Sandıktan kimin miladı çıkacak?

Yarın yapacağımız seçim ne asrın seçimidir ne de milattır ve ne de önümüzdeki yüzyılı belirleyecektir.

Önemli olduğu aşikardır ama tarihi şekillendirecek değildir. Baksanıza, geçmişte muhtarlık seçimlerine bile böyle büyük sıfatalar yakıştıran Cumhurbaşkanı Erdoğan da 31 Mart için bunları söylemiyor. Belki eski alışkanlıkla arada ağzından kaçırmıştır ama üstüne basa basa, “Tarihi seçim… Milat” vesaire demedi. Önceki seçimlerde yaptığı herşeyi tekrar yaptı. Yani muhalefeti ve muhalefet seçmenini hedefe koydu, DEM üzerinden Kürt seçmenin tercihlerini sorguladı, dış güçlerin kendisini hiç istemediği iddiasını bile tekrarladı… Ama “31 Mart milattır” diye bayrak açmaya gerek görmedi. Belki, 14 Mayıs’ta bunu çok tekrarladığı için, belki de daha Cumhurbaşkanlığı’nı kazandığı akşam seçmene İstanbul hedefini gösterdiği için iki seçimi birden milat saydı, kim bilir!

“Milat” veya “tarihi seçim” gibi esasen boş olsa da kulağa iddialı gelen lafların sebebi; tek adam, tek lider fikridir. Tek adam ve tek lider seçimden de demokrasiden de mühimdir. Birinci İstanbul seçiminde görüldüğü gibi tek adamı kaybettiği seçime seçim de denmez. Bir, üç, beş değil her defasında onun kazanması gerekir. Yoksa ülkenin talihi değişir, bekası tehlikeye girer. Hasılı, liderin milatsız kalmaması için milletin her seçimin tarihi önemini kavraması zarureti vardır. Her defasında bunu demeye gerek yoktur. 

Dese de demese de Cumhurbaşkanı’nın 31 Mart seçimini “milat” olarak tarif ettiği malumdur. Dememiş olması, girdiği bütün seçimleri ölüm kalım meselesi ve milat olarak gördüğü gerçeğini değiştirmiyor. Kaldı ki “milat”ın artık başka sahipleri de olabilir. Ülkede milat’a ihtiyacı olan sadece Erdoğan değil, muhalefet ve muhalefetin liderleri de vardır. Onlar da bir yerinden başlayacak... Hatta, muhalefet için bir yerden başlamak adına bu seçim de tam o seçim; 14/28 Mayıs’ta ıskalanan miladın seçimidir. 

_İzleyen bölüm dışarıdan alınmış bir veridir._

(* Let $n\ge 1$. If $1<k\le n$, then \begin{align*} \mathcal{H}_k^f(\theta_1,\dots,\theta_{2n})=\;&\mathcal{H}_k^f(\theta_3,\dots,\theta_{2n})\;\oplus\;\mathcal{H}_1^f(\theta_1,\theta_2)\otimes\mathcal{H}_{k-1}^f(\theta_3,\dots,\theta_{2n})\\ &\oplus\;\Big[\theta_1\theta_2+\frac{1}{k-n-1}\big(\theta_3\theta_4+\dots+\theta_{2n-1}\theta_{2n}\big)\Big]\mathcal{H}_{k-2}^f(\theta_3,\dots,\theta_{2n}). \end{align*} If $k=1$, then $\mathcal{H}_1^f(\theta_1,\dots,\theta_{2n})=\mathcal{H}_1^f(\theta_3,\dots,\theta_{2n})\oplus\mathcal{H}_1^f(\theta_1,\theta_2)$.
   Context: Let $\theta_1,\dots,\theta_{2n}$ be generators of the real Grassmann algebra $\Lambda_{2n}$ (anticommuting: $\theta_i\theta_j=-\theta_j\theta_i$), with Grassmann derivatives $\partial_{\theta_j}$. For a list of variables $\theta_{2a-1},\theta_{2a},\dots,\theta_{2b-1},\theta_{2b}$, the fermionic Laplacian is $\Delta_f=4\sum_{j=a}^{b}\partial_{\theta_{2j-1}}\partial_{\theta_{2j}}$, and $\mathcal{H}_k^f(\theta_{2a-1},\dots,\theta_{2b})$ denotes the space of elements of the Grassmann algebra generated by these variables which are homogeneous of degree $k$ and annihilated by this $\Delta_f$ (fermionic spherical harmonics); $\mathcal{H}_0^f$ consists of the constants. All these spaces are regarded as subspaces of $\Lambda_{2n}$. $\mathcal{H}_1^f(\theta_1,\theta_2)\otimes\mathcal{H}_{k-1}^f(\theta_3,\dots,\theta_{2n})$ denotes the linear span of products $ab$ with $a$, $b$ in the respective spaces, and $p\,\mathcal{H}$ denotes $\{p h: h\in\mathcal{H}\}$. The sums are direct sums of subspaces. *)

From mathcomp Require Import all_boot all_order all_algebra.
Set Implicit Arguments. Unset Strict Implicit. Unset Printing Implicit Defensive.
Import Order.TTheory GRing.Theory Num.Theory.
Local Open Scope ring_scope.

(* Generators: theta_{2j+1} is (j,false), theta_{2j+2} is (j,true), for j : 'I_n
   (0-based pairs).  rk gives the 0-based position of a generator in the
   list theta_1, ..., theta_{2n}. *)
Definition gvar (n : nat) := ('I_n * bool)%type.
Definition rk n (v : gvar n) : nat := (2 * v.1 + v.2)%N.

(* An element of Lambda_{2n} is given by its coefficients on the monomial basis
   theta_S = theta_{i1} ... theta_{ik} (i1 < ... < ik, S = {i1,...,ik}). *)
Definition grass (R : realFieldType) n := {ffun {set gvar n} -> R}.

(* number of inversions when concatenating theta_S and theta_T *)
Definition ninv n (S T : {set gvar n}) : nat :=
  #|[set p : gvar n * gvar n | [&& p.1 \in S, p.2 \in T & (rk p.2 < rk p.1)%N]]|.

Definition gmul (R : realFieldType) n (a b : grass R n) : grass R n :=
  [ffun U : {set gvar n} => \sum_(S : {set gvar n}) \sum_(T : {set gvar n})
     if [disjoint S & T] && (S :|: T == U)
     then (-1) ^+ ninv S T * a S * b T else 0].

Definition theta (R : realFieldType) n (i : gvar n) : grass R n :=
  [ffun U : {set gvar n} => if U == [set i] then 1 else 0].

Definition gone (R : realFieldType) n : grass R n :=
  [ffun U : {set gvar n} => if U == set0 then 1 else 0].

(* (left) Grassmann derivative d/d theta_i *)
Definition gderiv (R : realFieldType) n (i : gvar n) (a : grass R n) : grass R n :=
  [ffun U : {set gvar n} => if i \in U then 0
             else (-1) ^+ #|[set x in U | (rk x < rk i)%N]| * a (i |: U)].

Definition gscale (R : realFieldType) n (c : R) (a : grass R n) : grass R n :=
  [ffun U : {set gvar n} => c * a U].

Definition gvars n (J : {set 'I_n}) : {set gvar n} := [set v : gvar n | v.1 \in J].

Definition flap (R : realFieldType) n (J : {set 'I_n}) (a : grass R n) : grass R n :=
  gscale 4 (\sum_(j in J) gderiv (j, false) (gderiv (j, true) a)).

Definition fharm (R : realFieldType) n (J : {set 'I_n}) (k : nat) (a : grass R n) : Prop :=
  (forall S, a S != 0 -> S \subset gvars J /\ #|S| = k) /\ flap J a = 0.

Definition tens (R : realFieldType) n (A B : grass R n -> Prop) (x : grass R n) : Prop :=
  exists s : seq (grass R n * grass R n),
    (forall p, p \in s -> A p.1 /\ B p.2) /\ x = \sum_(p <- s) gmul p.1 p.2.

Definition lmulset (R : realFieldType) n (p : grass R n) (H : grass R n -> Prop)
  (x : grass R n) : Prop := exists h, H h /\ x = gmul p h.

Definition dsum2 (R : realFieldType) n (H A B : grass R n -> Prop) : Prop :=
  (forall x, H x <-> exists a b, [/\ A a, B b & x = a + b]) /\
  (forall a b a' b', A a -> B b -> A a' -> B b' -> a + b = a' + b' -> a = a' /\ b = b').

Definition dsum3 (R : realFieldType) n (H A B C : grass R n -> Prop) : Prop :=
  (forall x, H x <-> exists a b c, [/\ A a, B b, C c & x = a + b + c]) /\
  (forall a b c a' b' c', A a -> B b -> C c -> A a' -> B b' -> C c' ->
     a + b + c = a' + b' + c' -> [/\ a = a', b = b' & c = c']).

(* index sets: all pairs (theta_1..theta_{2n}), first pair (theta_1,theta_2),
   remaining pairs (theta_3..theta_{2n}) *)
Definition Jall n : {set 'I_n} := setT.
Definition Jfirst n : {set 'I_n} := [set j : 'I_n | nat_of_ord j == 0%N].
Definition Jrest n : {set 'I_n} := [set j : 'I_n | (0 < nat_of_ord j)%N].

From mathcomp Require Import all_boot all_order all_algebra.
From mathcomp Require Import zify ring lra.
Import Order.TTheory GRing.Theory Num.Theory.
Set Implicit Arguments. Unset Strict Implicit. Unset Printing Implicit Defensive.
Local Open Scope ring_scope.

(* On coefficients, the fermionic Laplacian is -4 times the contraction
   (c a)_U = sum of a_{U + pair j} over the pairs j disjoint from U, while
   multiplication by omega = theta_3 theta_4 + ... + theta_{2n-1} theta_{2n}
   adjoins a full pair.  Counting pairs gives the commutation rule
   [c, omega] = (#empty pairs - #full pairs), so c (omega h) = (n - 1 - m) h for
   h harmonic of degree m in theta_3, ..., theta_{2n}; with m = k - 2 this makes
   [theta_1 theta_2 + omega/(k-n-1)] h harmonic.  Writing a harmonic x of degree k as
   x_0 + theta_1 x_1 + theta_2 x_2 + theta_1 theta_2 x_12 with x_i free of
   theta_1, theta_2, harmonicity of x amounts to x_1, x_2, x_12 being harmonic and
   c x_0 = - x_12, whence x_0 - omega x_12/(k-n-1) is harmonic and x splits as
   claimed.  Uniqueness: the monomials containing theta_1 theta_2 determine the
   factor h of the third summand, and the first two summands are then told apart
   by whether a monomial contains exactly one of theta_1, theta_2. *)

Section FinsetFacts.
Variable T : finType.
Implicit Types A B S U V : {set T}.

Lemma disjointP A B :
  reflect (forall x, x \in A -> x \in B -> False) [disjoint A & B].
Proof.
rewrite disjoints_subset; apply: (iffP subsetP) => h x hA.
  by move: (h x hA); rewrite inE => /negP.
by rewrite inE; apply/negP; exact: h x hA.
Qed.

Lemma disjointUr A U S :
  [disjoint A & U :|: S] = [disjoint A & U] && [disjoint A & S].
Proof. by rewrite !disjoints_subset setCU subsetI. Qed.

Lemma disjointDr A U S :
  [disjoint A & S] -> [disjoint A & U :\: S] = [disjoint A & U].
Proof.
move=> hAS; apply/disjointP/disjointP => h x hA.
  by move=> hU; apply: (h x hA); rewrite inE hU (disjointFr hAS hA).
by rewrite inE => /andP[_]; exact: h x hA.
Qed.

Lemma setUDK A U : [disjoint A & U] -> (U :|: A) :\: A = U.
Proof. by move=> hd; rewrite setDUl setDv setU0; apply/setDidPl; rewrite disjoint_sym. Qed.

Lemma setUDr A B U : [disjoint A & B] -> (U :|: A) :\: B = (U :\: B) :|: A.
Proof. by move=> hd; rewrite setDUl (setDidPl hd). Qed.

Lemma setDUK B U : B \subset U -> (U :\: B) :|: B = U.
Proof. by move=> hs; rewrite setUC setDE setUIr setUCr setIT; apply/setUidPr. Qed.

Lemma subsetU_disjoint A B U :
  [disjoint B & A] -> (B \subset U :|: A) = (B \subset U).
Proof.
move=> hd; apply/idP/idP => h; last exact: subset_trans h (subsetUl _ _).
apply/subsetP => x hx; move: (subsetP h x hx).
by rewrite inE (disjointFr hd hx) orbF.
Qed.

Lemma cardsU_disjoint U S : [disjoint U & S] -> #|U :|: S| = (#|U| + #|S|)%N.
Proof. by move=> /disjoint_setI0 h; rewrite cardsU h cards0 subn0. Qed.

Lemma disjointU_eq_setD S U V : S \subset U ->
  ([disjoint S & V] && (S :|: V == U)) = (V == U :\: S).
Proof.
move=> hSU; apply/idP/eqP => [/andP[hd /eqP <-]|->].
  by rewrite setDUl setDv set0U; apply/esym/setDidPl; rewrite disjoint_sym.
rewrite disjoint_sym setUC setDUK // eqxx andbT.
by apply/disjointP => x; rewrite inE => /andP[/negP].
Qed.

Lemma card_setIdE (I : finType) (J : {set I}) (P : pred I) :
  #|[set i in J | P i]| = (\sum_(i in J) (P i : nat))%N.
Proof.
rewrite -sum1_card big_mkcond [RHS]big_mkcond /=; apply: eq_bigr => i _.
by rewrite inE; case: (i \in J); case: (P i).
Qed.

End FinsetFacts.

Section GrassmannCoefficients.
Variables (R : realFieldType) (n : nat).
Implicit Types (a b h x : grass R n) (U S T : {set gvar n}) (J : {set 'I_n}).

Lemma rk_inj : injective (@rk n).
Proof.
move=> [i b] [j c]; rewrite /rk /= => h.
have [hij hbc] : nat_of_ord i = j /\ b = c.
  by case: b h; case: c => /= h; split => //; lia.
by rewrite (val_inj hij) hbc.
Qed.

Definition pairv (j : 'I_n) : {set gvar n} := [set v : gvar n | v.1 == j].

Lemma pairvE j : pairv j = [set (j, false); (j, true)].
Proof.
by apply/setP => -[i b]; rewrite !inE /= !xpair_eqE; case: b; rewrite ?andbT ?andbF ?orbF.
Qed.

Lemma card_pairv j : #|pairv j| = 2%N.
Proof. by rewrite pairvE cards2 xpair_eqE eqxx. Qed.

Lemma disjoint_pairv j U :
  [disjoint pairv j & U] = ((j, false) \notin U) && ((j, true) \notin U).
Proof. by rewrite disjoint_sym pairvE disjointUr !(disjoint_sym U) !disjoints1. Qed.

Lemma disjoint_pairvs i j : i != j -> [disjoint pairv i & pairv j].
Proof.
move=> hij; apply/disjointP => x; rewrite !inE => /eqP -> /eqP hx.
by rewrite hx eqxx in hij.
Qed.

Lemma gmulE a b U : gmul a b U =
  \sum_(S : {set gvar n} | S \subset U) (-1) ^+ ninv S (U :\: S) * a S * b (U :\: S).
Proof.
rewrite ffunE (bigID (fun S => S \subset U)) /= [X in _ + X]big1 ?addr0.
  apply: eq_bigr => S hS; rewrite (bigD1 (U :\: S)) /= ?disjointU_eq_setD ?eqxx //.
  by rewrite big1 ?addr0 // => T hT; rewrite disjointU_eq_setD // (negbTE hT).
move=> S hS; apply: big1 => T _; case: ifP => // /andP[_ /eqP hU].
by move: hS; rewrite -hU subsetUl.
Qed.

Lemma gmulDl a1 a2 b : gmul (a1 + a2) b = gmul a1 b + gmul a2 b.
Proof.
apply/ffunP => U; rewrite [RHS]ffunE !gmulE -big_split; apply: eq_bigr => S _.
by rewrite ffunE mulrDr mulrDl.
Qed.

Lemma gmulZl c a b : gmul (gscale c a) b = gscale c (gmul a b).
Proof.
apply/ffunP => U; rewrite [RHS]ffunE !gmulE mulr_sumr; apply: eq_bigr => S _.
by rewrite ffunE mulrCA !mulrA.
Qed.

Lemma gmul_suml J (F : 'I_n -> grass R n) b :
  gmul (\sum_(j in J) F j) b = \sum_(j in J) gmul (F j) b.
Proof.
apply/ffunP => U; rewrite [RHS]sum_ffunE gmulE.
under eq_bigr do rewrite sum_ffunE mulr_sumr mulr_suml.
by rewrite exchange_big; apply: eq_bigr => j _; rewrite gmulE.
Qed.

Definition contract J a : grass R n :=
  [ffun U : {set gvar n} =>
     \sum_(j in J) if [disjoint pairv j & U] then a (U :|: pairv j) else 0].

Lemma gderiv_pair j a U : gderiv (j, false) (gderiv (j, true) a) U =
  if [disjoint pairv j & U] then - a (U :|: pairv j) else 0.
Proof.
rewrite disjoint_pairv /gderiv !ffunE; case: (boolP ((j, false) \in U)) => hf //=.
rewrite !inE /= xpair_eqE eqxx /=; case: (boolP ((j, true) \in U)) => ht //=.
  by rewrite mulr0.
have -> : (j, true) |: ((j, false) |: U) = U :|: pairv j.
  by apply/setP => -[i b]; rewrite !inE /= !xpair_eqE; case: b; case: (i == j);
    rewrite ?orbT ?orbF.
have -> : [set x in (j, false) |: U | (rk x < rk (j, true))%N] =
          (j, false) |: [set x in U | (rk x < rk (j, false))%N].
  apply/setP => x; rewrite !inE; case: (eqVneq x (j, false)) => [->|hx] /=.
    by rewrite /rk /= addn0 addn1 leqnn.
  case: (x \in U) => //=.
  have hrk : rk x != rk (j, false) by apply: contra_neq hx => /rk_inj.
  by move: hrk; rewrite /rk /= addn0 addn1 ltnS leq_eqVlt => /negbTE ->.
rewrite cardsU1 !inE (negbTE hf) /= exprD expr1 mulN1r mulNr mulrN mulrA.
by rewrite -expr2 sqrr_sign mul1r.
Qed.

Lemma flapE J a : flap J a = gscale (-4) (contract J a).
Proof.
apply/ffunP => U; rewrite /flap /gscale !ffunE sum_ffunE mulNr -mulrN -sumrN.
by congr (_ * _); apply: eq_bigr => j _; rewrite gderiv_pair; case: ifP; rewrite ?oppr0.
Qed.

Lemma flap_eq0 J a : flap J a = 0 <-> contract J a = 0.
Proof.
rewrite flapE; split => [/ffunP h|->]; last by apply/ffunP => U; rewrite !ffunE mulr0.
apply/ffunP => U; move/eqP: (h U); rewrite !ffunE mulf_eq0 oppr_eq0 pnatr_eq0 /=.
by move/eqP.
Qed.

Lemma contractD J a b : contract J (a + b) = contract J a + contract J b.
Proof.
apply/ffunP => U; rewrite !ffunE -big_split; apply: eq_bigr => j _.
by case: ifP => _ /=; rewrite ?ffunE ?addr0.
Qed.

Lemma contractZ J c a : contract J (gscale c a) = gscale c (contract J a).
Proof.
apply/ffunP => U; rewrite !ffunE mulr_sumr; apply: eq_bigr => j _.
by case: ifP; rewrite ?ffunE ?mulr0.
Qed.

(* [shift S b] has the coefficients of [theta_S b] up to sign. *)
Definition shift S b : grass R n :=
  [ffun U : {set gvar n} => if S \subset U then b (U :\: S) else 0].

Lemma contract_shift J S b : (forall j, j \in J -> [disjoint pairv j & S]) ->
  contract J (shift S b) = shift S (contract J b).
Proof.
move=> hJ; apply/ffunP => U; rewrite !ffunE; case: ifP => hSU.
  apply: eq_bigr => j hj; have hd := hJ j hj; rewrite disjointDr //.
  case: ifP => hjU //; rewrite ffunE (subset_trans hSU (subsetUl _ _)).
  by rewrite setUDr // disjoint_sym.
apply: big1 => j hj; case: ifP => // hd; rewrite ffunE subsetU_disjoint ?hSU //.
by rewrite disjoint_sym hJ.
Qed.

Lemma gmul_theta_pair j : gmul (theta R (j, false)) (theta R (j, true)) =
  [ffun U => if U == pairv j then 1 else 0].
Proof.
apply/ffunP => U; rewrite gmulE ffunE big_mkcond (bigD1 [set (j, false)]) //=.
rewrite big1 ?addr0; last first.
  by move=> S hS; rewrite ffunE (negbTE hS) mulr0 mul0r; case: ifP.
rewrite !ffunE eqxx mulr1; case: (eqVneq U (pairv j)) => [->|hU].
  rewrite sub1set inE eqxx.
  have -> : pairv j :\: [set (j, false)] = [set (j, true)].
    by rewrite pairvE setU1K // inE xpair_eqE andbF.
  rewrite eqxx mulr1 /ninv.
  have -> : [set p : gvar n * gvar n | [&& p.1 \in [set (j, false)],
      p.2 \in [set (j, true)] & (rk p.2 < rk p.1)%N]] = set0.
    apply/setP => -[p q]; rewrite !inE /=; apply/negP => /and3P[/eqP -> /eqP ->].
    by rewrite /rk /=; lia.
  by rewrite cards0 expr0.
case: ifP => // hsub; case: ifP => [/eqP hUt|]; last by rewrite mulr0.
case/eqP: hU; rewrite sub1set in hsub.
by rewrite pairvE -hUt setD1K.
Qed.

Hele de yarın sandık Erdoğan’a istediğini vermezse; yani, partisinin oyları düşerse ama özellikle İstanbul ve Ankara’yı kaybederse 31 Mart muhalefet için tam manasıyla milat olacak. Birkaç ay önce sandıktan ağrı yenilgiyle çıkan ve bırakın kazanmayı artık seçmenini dahi sandığa taşıyamayacağına kanaat getirilen muhalefet, maça yeniden ortak olacak. Hatta hücuma geçecek. 

Sadece 8 ayda nereden nereye? 

Demokrasi fırsatlar rejimi… Doğru adamlarla doğru hamleyi yaparsan ibre sana dönebiliyor. Hele karşındaki yanlışta ısrar ediyorsa… 

Tersi de olabilir mi, olabilir. İmamoğlu değil Erdoğan da kazanabilir. Kazanırsa, İstanbul’u geri alırsa; bu kadar senedir hep birinci olduğu ama İstanbul eksik kaldığı için bir türlü mutlu olamadığı oyunu bitirmiş olur. Tek adamdı, bundan sonra tek başına da kalmış olur. O’nu artık kimse tutamaz, tutmaya mecal de bulunmaz. İstanbul’u geri alırsa memlekette bir uçtan bir uca milatların miladı başlar. Türkiye Yüzyılı, zincirlerinden boşalır gelir… 

Ama İstanbul’u almak şart. O kadar şart ki yerini hiçbir şey dolduramaz. İktidarı ve iktidar gücünü taçlandırmanın ve mutlaklaştırmanın başka yolu yok. İstanbul olmadan iktidarın tadı bile yok. O yüzden yarın akşam herkes gibi Erdoğan da, İmamoğlu da, İstanbullu da Adanalı da Eskişehirli de Trabzonlu da İstanbul’a bakacak. Vilayetini bırakacak, “orada maç kaç kaç” diye soracak. 

İstanbul niye bu kadar önemli herkes biliyor. 

Erdoğan, İstanbul’u geri alırsa başka bir Türkiye olacak, alamazsa başka…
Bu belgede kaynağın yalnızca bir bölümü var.